Thursday, January 28, 2010

Shibboleth

The nature of the creative mind induces one to consider various scenarios. Indeed, to craft the circumstances that the characters of a story would navigate, conjure the colors of a painting, or the arrangement of stones in one's garden requires this sort of evocation. With everything we do, it is human to seek validation.

I think to presume too much? Or something like that.

The nature of this blog precludes my most private thoughts on the matter from being displayed. I have chosen to seek a sort of creative acceleration through certain methods, ways of granting my mind a contrivance both social and convenient of garnering creative impetus. This involves risks, and that I trust the people I choose to share my material with.

A recipe for disaster if I step wrong, even once.

Not everyone delights in risk-taking and putting themselves in potentially perilous situations.

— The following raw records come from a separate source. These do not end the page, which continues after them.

Lemma extend_prefix r M :
  prefix_of r M -> exists r', runs_of E P r' /\ forall k, k <= M -> r' k = r k.
Proof.
move=> pre_r.
have [ce prot_ce] : exists ce : S -> ACTe, forall s, e_prot E s (ce s).
  exists (fun s => proj1_sig (constructive_indefinite_description _ (E_wf s))).
  by move=> s; exact: proj2_sig.
have [cp P_cp] : exists cp : forall i, seq Obs -> ACT i, forall i s, P i s (cp i s).
  exists (fun i s => proj1_sig (constructive_indefinite_description _ (P_wf i s))).
  by move=> i s; exact: proj2_sig.
pose next (h : seq S) := if size h <= M then r (size h) else
  e_trans E (ce (last (r 0) h)) (fun i => cp i (map (e_obs E i) h)) (last (r 0) h).
have [r' [r'0 r'S]] := history_rec (r 0) next.
have r'_last k : last (r 0) (mkseq r' k.+1) = r' k by rewrite mkseqS last_rcons.
have eq_r k : k <= M -> r' k = r k.
  by case: k => [//|k] le_kM; rewrite r'S /next size_mkseq le_kM.
exists r'; split=> //.
have pre_r' := prefix_upto pre_r eq_r.
split=> [|t]; first by case: pre_r'.
case: (ltnP t M) => [lt_tM|le_Mt]; first exact: (proj2 pre_r').
exists (ce (r' t)), (fun i => cp i (local (e_obs E) i r' t)); split=> //; split=> //.
rewrite r'S /next size_mkseq ltnNge le_Mt r'_last.
by congr (e_trans E _ _ _); apply: functional_extensionality_dep => i; rewrite local_mkseq.
Qed.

It is not in my own nature to trust other people. Generally, people just mess up, let you down, and engage in things both stupid and futile. Thinking you've found people devoid of the same human weakness is as blind as assuming that anyone (self included) is immune to such weakness.

So one takes the paranoid road to create in seclusion or they choose to believe in people like they would want to believe in themselves.

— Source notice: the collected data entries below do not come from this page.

(* Let $\sigma$ be a valid composite state of $\mathcal{M}uddy\mathcal{P}uzzle$ reachable by a valid trace from a composite initial state $\sigma^0$ with $\mathbf{consistent}(\sigma^0)$, and suppose $\sigma\notin S_F$. Then there exist a component $i$ and a valid transition (labeled $(i,l)$ for some $l$) from $\sigma$ to a state $\sigma'$ such that $\mathit{round}(\sigma'_i)>\mathit{round}(\sigma_i)$.
   Context: Fix $n \ge 1$ children indexed $1,\dots,n$. A message is a triple $\langle j, r, s\rangle$ with $j \in \{1,\dots,n\}$ (the sender), $r \in \mathbb{N}$ (a round number) and $s \in \{u,m,c\}$ (epistemic status: $u$ = ''does not know own status'', $m$ = ''knows they are muddy'', $c$ = ''knows they are clean''); $\bot$ denotes ''no message''. Child $i$ is a VLSM $\mathcal{C}_i$ with labels $\{\mathit{init},\mathit{emit},\mathit{receive}\}$, no initial messages, initial states $\langle \mathit{Obs}\rangle$ with $\mathit{Obs}\subseteq\{1,\dots,n\}$, and running states $\langle \mathit{Obs}, r, s\rangle$ with $\mathit{Obs}\subseteq\{1,\dots,n\}$, $r\in\mathbb{N}$, $s\in\{u,m,c\}$; $\mathit{Obs}(\cdot)$ denotes the observation set of either kind of state. Transitions $\tau_i$ and local validity $\beta_i$: - init: enabled only on an initial state $\langle\mathit{Obs}\rangle$ with input $\bot$; goes to $\langle \mathit{Obs},0,u\rangle$ if $\mathit{Obs}\ne\emptyset$ and to $\langle\mathit{Obs},0,m\rangle$ if $\mathit{Obs}=\emptyset$; output $\bot$. - emit: enabled only on a running state $\langle\mathit{Obs},r,s\rangle$ with input $\bot$; state unchanged, output $\langle i,r,s\rangle$. - receive: on a running state $\langle\mathit{Obs},r,s\rangle$ with input message $\langle j,r',s'\rangle$, output $\bot$, new state given by the first applicable case: (R1) $s\in\{m,c\}$: unchanged. Otherwise $s=u$ and: (R2) $s'=c$, $j\notin\mathit{Obs}$, $r'=|\mathit{Obs}|$: $\langle\mathit{Obs},r',c\rangle$; (R3) $s'=c$, $j\notin\mathit{Obs}$, $r'=|\mathit{Obs}|+1$: $\langle\mathit{Obs},r'-1,m\rangle$; (R4) $s'=m$, $j\in\mathit{Obs}$, $r'=|\mathit{Obs}|$: $\langle\mathit{Obs},r',m\rangle$; (R5) $s'=m$, $j\in\mathit{Obs}$, $r'=|\mathit{Obs}|-1$: $\langle\mathit{Obs},r'+1,c\rangle$; (R6) $s'=u$, $j\in\mathit{Obs}$, $r'<r$: unchanged; (R7) $s'=u$, $j\in\mathit{Obs}$, $r\le r'<|\mathit{Obs}|-1$: $\langle\mathit{Obs},r'+1,u\rangle$; (R8) $s'=u$, $j\in\mathit{Obs}$, $r'=|\mathit{Obs}|-1$: $\langle\mathit{Obs},r'+1,m\rangle$; (R9) $s'=u$, $j\notin\mathit{Obs}$, $r'\le r$: unchanged; (R10) $s'=u$, $j\notin\mathit{Obs}$, $r<r'<|\mathit{Obs}|$: $\langle\mathit{Obs},r',u\rangle$; (R11) $s'=u$, $j\notin\mathit{Obs}$, $r'=|\mathit{Obs}|$: $\langle\mathit{Obs},r',m\rangle$. $\beta_i$ for receive holds exactly when one of (R1)–(R11) applies. Composition $\mathcal{M}uddy\mathcal{P}uzzle=(\mathcal{C}_1+\dots+\mathcal{C}_n)|_\varphi$: composite states are tuples $\sigma=(\sigma_1,\dots,\sigma_n)$; composite initial states ($S_0$) are those with every component initial; labels are pairs $(i,l)$; transition $(i,l)$ with input $\mu$ applies $\tau_i(l,\sigma_i,\mu)$ to component $i$, leaves the others unchanged, and is allowed iff $\beta_i(l,\sigma_i,\mu)\wedge\varphi((i,l),\sigma,\mu)$. For a composite state $\sigma$ let $M=\bigcup_{i}\mathit{Obs}(\sigma_i)$; $\mathbf{consistent}(\sigma)$ means $M\ne\emptyset$ and $\mathit{Obs}(\sigma_i)=M\setminus\{i\}$ for all $i$. The composition constraint: $\varphi((i,\mathit{init}),\sigma,\mu)=\mathbf{consistent}(\sigma)$; $\varphi((i,\mathit{emit}),\sigma,\mu)=\text{true}$; $\varphi((i,\mathit{receive}),\sigma,\langle j,r',s'\rangle)$ holds iff $\sigma_j$ is a running state $\langle \mathit{Obs}_j,r_j,s_j\rangle$ and $(s'=s_j\wedge r'=r_j)\vee(s'=u\wedge r'<r_j)$. Validity (VLSM sense): a transition is constrained if its input satisfies the constraint. Valid traces and valid messages are defined by simultaneous induction: a valid trace is a finite sequence of constrained transitions starting in a composite initial state in which every input message is either $\bot$ or a valid message; a valid message is one output by some transition of some valid trace. A valid state is one reachable by a valid trace; a valid transition is a constrained transition from a valid state whose input is $\bot$ or a valid message. $S_V$ is the set of valid states. The set of final states is $S_F=\{\sigma\in S_V \mid$ every component $\sigma_i$ is a running state with status $\ne u\}$. For a child state, $\mathit{round}(\langle\mathit{Obs}\rangle)=-1$ and $\mathit{round}(\langle\mathit{Obs},r,s\rangle)=r$. *)

(* Children are indexed by 'I_n (i.e. 0..n-1 instead of 1..n). *)
From mathcomp Require Import all_boot all_order all_algebra.
Set Implicit Arguments. Unset Strict Implicit. Unset Printing Implicit Defensive.
Import Order.TTheory GRing.Theory Num.Theory.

Would this lead one to consider the tangible elements of Faith? I love to put these things into context when I write. Sort out my feelings and look for answers by seeing things through the eyes of fictional characters, people without a stake in the real world. To totally escape. More to the point I often consider if anyone gives what they do this much thought. From the outside the appearance of such can be deceiving.

Most seem to operate purely out of a motivation for money.

A few seek to be validated by someone that is supposed to love them.

Yet more want desperately to be recognized for their efforts.

Approval. All.

Does this make everyone who would create something beautiful to watch, read, or view an attention seeking reprobate with a hole inside that can never be filled? Probably. Even if someone seeks to achieve some ethical high ground beyond those simple desires, it is itself a product of someone seeking the attention of a higher power?

So, the desire to create comes from emptiness? Because someone sees an empty space, of feels one for that matter, they are driven to make something to fit? Perhaps sorrow isn't the creative fuel I thought it was. More to the point, sorrow is probably just the sidecar to whatever is driving a creative person to make whatever they desire to make.

Misery loves company.

I love those studios, jewelers, and similar that have windows open to the street. There was a place in Portland where you could watch, from the sidewalk, the short order cooks flip flap jacks. As much as people likely enjoy the outcome of the creative pursuit, watching the graceful agony of creating things of worth is likely just as enticing.

Am I my own all consuming train-wreck? A vision I cannot take my eyes off of?

These thoughts swirl in my mind questioning the format of everything I've done in the last four months. I wonder if my methods are granting me short term clarity while obscuring my somewhat longer term future. The paranoia and stress that comes with working with people, my own eating and sleeping habits, the scrutiny (or lack thereof) that comes with involving those close to me in my most personal affairs.

I have made other people carry my burdens too much already.

Writing some stories should not carry this level of complexity. Grappling with the process of creating fiction shouldn't make me doubt the very essence of Truth. Finding the final medium for my work shouldn't require that I strain my relationships, my time, or my sanity the way it has lately. The endlessly delaying the distribution of simple world building exercises from people that likely just want to help me? In exchange for a few hours of being entertained, warm laughter, and hotter coffee?

Doubt setting fire to paranoia, fanned by the winds of anxiety, tainting everything I do.

Making me write pointlessly circular entries to my Blog. Never getting answers to questions that probably have no business being asked. Seeking solutions that only peal back the layers of a flawed methodology that somehow works without such blackened examination. Considering courses of action that are themselves a quiet violation of my own life long means of operation.

Doing things just to do things. Giving meaningless things meaning. Talking to hear my own voice. It just seems to get more pathetic the more I think about it. I couldn't even isolate what "it" is if I tried.

Oh well, merrily on my way.

1 comment:

  1. I cannot speak for everyone who might be reading this. But, I feel as if you spoke the words I could not find (and more eloquently than I would have at that). I do consider myself an artist who get's the most thrill from creating. So, in respect to: is this a trait of an artist? I would have to say that it is quite likely as I also share those thoughts.